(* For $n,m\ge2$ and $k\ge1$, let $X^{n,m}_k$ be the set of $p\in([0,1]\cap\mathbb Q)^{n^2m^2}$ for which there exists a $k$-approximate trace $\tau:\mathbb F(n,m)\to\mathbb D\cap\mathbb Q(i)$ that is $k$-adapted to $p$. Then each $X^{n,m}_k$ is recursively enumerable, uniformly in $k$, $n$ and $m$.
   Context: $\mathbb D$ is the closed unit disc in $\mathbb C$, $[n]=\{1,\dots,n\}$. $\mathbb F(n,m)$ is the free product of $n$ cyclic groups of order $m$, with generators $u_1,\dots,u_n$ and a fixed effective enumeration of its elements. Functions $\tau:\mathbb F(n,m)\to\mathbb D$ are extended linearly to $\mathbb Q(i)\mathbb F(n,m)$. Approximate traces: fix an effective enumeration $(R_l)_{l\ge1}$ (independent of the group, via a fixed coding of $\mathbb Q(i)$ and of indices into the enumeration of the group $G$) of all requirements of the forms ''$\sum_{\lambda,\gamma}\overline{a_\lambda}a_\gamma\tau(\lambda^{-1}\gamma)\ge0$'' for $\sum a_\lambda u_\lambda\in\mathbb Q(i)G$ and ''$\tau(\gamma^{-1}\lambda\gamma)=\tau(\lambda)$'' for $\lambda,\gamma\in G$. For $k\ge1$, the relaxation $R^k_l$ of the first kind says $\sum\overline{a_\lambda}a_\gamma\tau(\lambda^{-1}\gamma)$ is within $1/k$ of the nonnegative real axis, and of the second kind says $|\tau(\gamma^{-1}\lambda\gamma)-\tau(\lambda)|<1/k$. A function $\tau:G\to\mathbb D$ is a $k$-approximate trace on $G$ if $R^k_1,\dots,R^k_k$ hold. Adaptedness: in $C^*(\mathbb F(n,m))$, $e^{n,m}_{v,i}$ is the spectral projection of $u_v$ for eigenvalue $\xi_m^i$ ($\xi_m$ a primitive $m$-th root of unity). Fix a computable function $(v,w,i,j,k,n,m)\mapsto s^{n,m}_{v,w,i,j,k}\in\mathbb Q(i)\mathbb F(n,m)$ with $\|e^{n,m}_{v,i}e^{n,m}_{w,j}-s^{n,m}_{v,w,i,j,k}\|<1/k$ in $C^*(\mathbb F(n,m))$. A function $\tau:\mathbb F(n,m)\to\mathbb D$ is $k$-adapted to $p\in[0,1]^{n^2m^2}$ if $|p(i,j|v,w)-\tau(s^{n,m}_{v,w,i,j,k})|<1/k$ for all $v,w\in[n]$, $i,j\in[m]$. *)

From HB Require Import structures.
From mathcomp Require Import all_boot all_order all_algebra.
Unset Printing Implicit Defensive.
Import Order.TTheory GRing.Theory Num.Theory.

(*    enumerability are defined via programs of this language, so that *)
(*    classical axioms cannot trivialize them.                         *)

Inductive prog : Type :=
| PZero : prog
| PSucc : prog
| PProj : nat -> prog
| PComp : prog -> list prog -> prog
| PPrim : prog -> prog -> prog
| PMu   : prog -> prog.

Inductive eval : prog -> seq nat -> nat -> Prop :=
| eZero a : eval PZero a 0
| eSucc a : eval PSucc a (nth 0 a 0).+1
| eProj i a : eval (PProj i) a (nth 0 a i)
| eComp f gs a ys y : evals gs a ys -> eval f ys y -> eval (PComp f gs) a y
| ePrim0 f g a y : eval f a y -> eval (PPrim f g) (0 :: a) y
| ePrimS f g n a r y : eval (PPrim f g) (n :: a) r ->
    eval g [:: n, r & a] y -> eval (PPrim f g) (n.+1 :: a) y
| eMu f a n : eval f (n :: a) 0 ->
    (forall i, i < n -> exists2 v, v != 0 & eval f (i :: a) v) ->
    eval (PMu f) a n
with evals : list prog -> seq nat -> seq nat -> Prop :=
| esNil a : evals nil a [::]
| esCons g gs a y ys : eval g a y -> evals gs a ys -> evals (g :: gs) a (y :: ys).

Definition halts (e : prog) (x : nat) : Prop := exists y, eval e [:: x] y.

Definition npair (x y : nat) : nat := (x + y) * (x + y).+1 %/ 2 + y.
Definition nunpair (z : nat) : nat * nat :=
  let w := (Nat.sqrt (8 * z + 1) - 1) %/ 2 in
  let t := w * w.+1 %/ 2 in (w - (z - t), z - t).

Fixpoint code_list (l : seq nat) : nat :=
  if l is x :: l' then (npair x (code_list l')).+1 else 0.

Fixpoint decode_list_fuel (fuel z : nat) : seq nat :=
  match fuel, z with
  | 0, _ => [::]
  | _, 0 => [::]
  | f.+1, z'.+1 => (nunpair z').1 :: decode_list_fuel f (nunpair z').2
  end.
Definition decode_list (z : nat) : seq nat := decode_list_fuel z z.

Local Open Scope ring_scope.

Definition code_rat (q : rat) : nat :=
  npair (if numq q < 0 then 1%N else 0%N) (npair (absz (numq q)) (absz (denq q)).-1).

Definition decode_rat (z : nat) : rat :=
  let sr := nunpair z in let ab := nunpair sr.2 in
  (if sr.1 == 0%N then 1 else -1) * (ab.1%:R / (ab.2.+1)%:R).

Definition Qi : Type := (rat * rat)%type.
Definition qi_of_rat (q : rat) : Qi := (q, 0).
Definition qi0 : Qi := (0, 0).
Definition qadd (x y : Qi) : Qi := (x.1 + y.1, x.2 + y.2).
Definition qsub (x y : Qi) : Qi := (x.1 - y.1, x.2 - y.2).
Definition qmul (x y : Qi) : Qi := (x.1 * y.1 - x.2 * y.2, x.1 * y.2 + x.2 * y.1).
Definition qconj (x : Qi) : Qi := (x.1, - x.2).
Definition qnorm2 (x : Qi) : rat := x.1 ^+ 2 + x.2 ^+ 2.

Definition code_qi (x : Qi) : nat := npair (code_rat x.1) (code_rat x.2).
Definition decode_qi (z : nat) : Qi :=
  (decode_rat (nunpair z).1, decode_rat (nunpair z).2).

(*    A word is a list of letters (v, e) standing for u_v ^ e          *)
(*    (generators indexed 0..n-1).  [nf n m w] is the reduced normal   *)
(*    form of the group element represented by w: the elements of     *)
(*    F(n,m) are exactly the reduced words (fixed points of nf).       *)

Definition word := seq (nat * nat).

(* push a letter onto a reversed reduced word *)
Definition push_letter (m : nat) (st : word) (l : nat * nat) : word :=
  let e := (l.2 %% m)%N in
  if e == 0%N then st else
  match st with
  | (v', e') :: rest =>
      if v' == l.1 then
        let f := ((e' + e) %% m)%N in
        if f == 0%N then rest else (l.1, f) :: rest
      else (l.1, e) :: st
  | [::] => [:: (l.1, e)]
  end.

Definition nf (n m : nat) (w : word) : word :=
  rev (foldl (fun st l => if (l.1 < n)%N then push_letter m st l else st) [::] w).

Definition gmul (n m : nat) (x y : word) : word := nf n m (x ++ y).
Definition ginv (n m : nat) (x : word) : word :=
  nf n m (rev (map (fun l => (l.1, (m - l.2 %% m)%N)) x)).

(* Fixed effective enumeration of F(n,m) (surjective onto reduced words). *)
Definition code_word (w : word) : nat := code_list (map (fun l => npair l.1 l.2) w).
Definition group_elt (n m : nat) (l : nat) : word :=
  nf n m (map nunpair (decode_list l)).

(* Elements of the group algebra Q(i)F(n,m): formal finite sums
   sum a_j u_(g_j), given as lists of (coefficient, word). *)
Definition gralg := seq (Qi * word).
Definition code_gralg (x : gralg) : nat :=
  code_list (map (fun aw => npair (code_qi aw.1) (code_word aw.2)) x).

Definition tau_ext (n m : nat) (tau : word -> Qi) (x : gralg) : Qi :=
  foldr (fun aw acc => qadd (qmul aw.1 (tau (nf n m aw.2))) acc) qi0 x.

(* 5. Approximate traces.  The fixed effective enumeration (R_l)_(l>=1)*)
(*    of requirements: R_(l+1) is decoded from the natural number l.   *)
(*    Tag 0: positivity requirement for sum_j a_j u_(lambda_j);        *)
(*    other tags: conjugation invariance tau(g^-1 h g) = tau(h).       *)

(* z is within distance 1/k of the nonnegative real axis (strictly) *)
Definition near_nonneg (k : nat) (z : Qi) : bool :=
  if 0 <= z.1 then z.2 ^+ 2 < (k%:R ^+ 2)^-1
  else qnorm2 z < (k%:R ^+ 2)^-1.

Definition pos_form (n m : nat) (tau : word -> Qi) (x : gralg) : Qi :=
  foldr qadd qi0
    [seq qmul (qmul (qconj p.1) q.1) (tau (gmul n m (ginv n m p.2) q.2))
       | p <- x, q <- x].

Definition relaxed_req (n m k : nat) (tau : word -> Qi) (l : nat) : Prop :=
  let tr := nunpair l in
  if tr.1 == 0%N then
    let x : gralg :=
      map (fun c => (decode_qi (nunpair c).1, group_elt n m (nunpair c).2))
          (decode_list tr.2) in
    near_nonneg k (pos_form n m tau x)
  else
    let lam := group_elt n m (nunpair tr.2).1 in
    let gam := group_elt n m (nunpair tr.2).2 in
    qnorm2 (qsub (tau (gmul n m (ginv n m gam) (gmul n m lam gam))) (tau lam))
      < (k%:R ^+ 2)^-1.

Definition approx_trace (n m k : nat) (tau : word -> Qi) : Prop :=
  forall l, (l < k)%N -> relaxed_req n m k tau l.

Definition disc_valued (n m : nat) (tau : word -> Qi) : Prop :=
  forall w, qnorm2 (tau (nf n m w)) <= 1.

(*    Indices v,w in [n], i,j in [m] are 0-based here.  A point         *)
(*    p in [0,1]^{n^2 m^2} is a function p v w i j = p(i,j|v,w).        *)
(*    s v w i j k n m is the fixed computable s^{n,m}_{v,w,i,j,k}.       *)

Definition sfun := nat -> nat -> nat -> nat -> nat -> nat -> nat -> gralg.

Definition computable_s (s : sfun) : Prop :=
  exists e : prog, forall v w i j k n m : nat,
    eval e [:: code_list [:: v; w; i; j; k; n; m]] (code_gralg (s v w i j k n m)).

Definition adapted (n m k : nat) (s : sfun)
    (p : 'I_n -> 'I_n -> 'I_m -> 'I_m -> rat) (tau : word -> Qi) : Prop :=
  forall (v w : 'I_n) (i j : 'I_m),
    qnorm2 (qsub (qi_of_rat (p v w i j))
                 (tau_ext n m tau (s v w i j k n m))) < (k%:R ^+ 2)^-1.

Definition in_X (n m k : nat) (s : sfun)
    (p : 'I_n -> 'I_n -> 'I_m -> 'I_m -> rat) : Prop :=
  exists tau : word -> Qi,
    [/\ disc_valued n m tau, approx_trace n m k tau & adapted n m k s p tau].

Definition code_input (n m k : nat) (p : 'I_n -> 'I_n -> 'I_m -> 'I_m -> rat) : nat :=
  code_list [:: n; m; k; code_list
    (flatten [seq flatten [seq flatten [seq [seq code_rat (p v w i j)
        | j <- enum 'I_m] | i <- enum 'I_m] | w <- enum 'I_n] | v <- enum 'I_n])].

[Task requirements]
Using the material above, transcribe exactly the lines from the line with "(PComp f gs) a y" to the line with "eval (PMu f) a n"; both count, and nothing else goes in.

[Task response]
| eComp f gs a ys y : evals gs a ys -> eval f ys y -> eval (PComp f gs) a y
| ePrim0 f g a y : eval f a y -> eval (PPrim f g) (0 :: a) y
| ePrimS f g n a r y : eval (PPrim f g) (n :: a) r ->
    eval g [:: n, r & a] y -> eval (PPrim f g) (n.+1 :: a) y
| eMu f a n : eval f (n :: a) 0 ->
    (forall i, i < n -> exists2 v, v != 0 & eval f (i :: a) v) ->
    eval (PMu f) a n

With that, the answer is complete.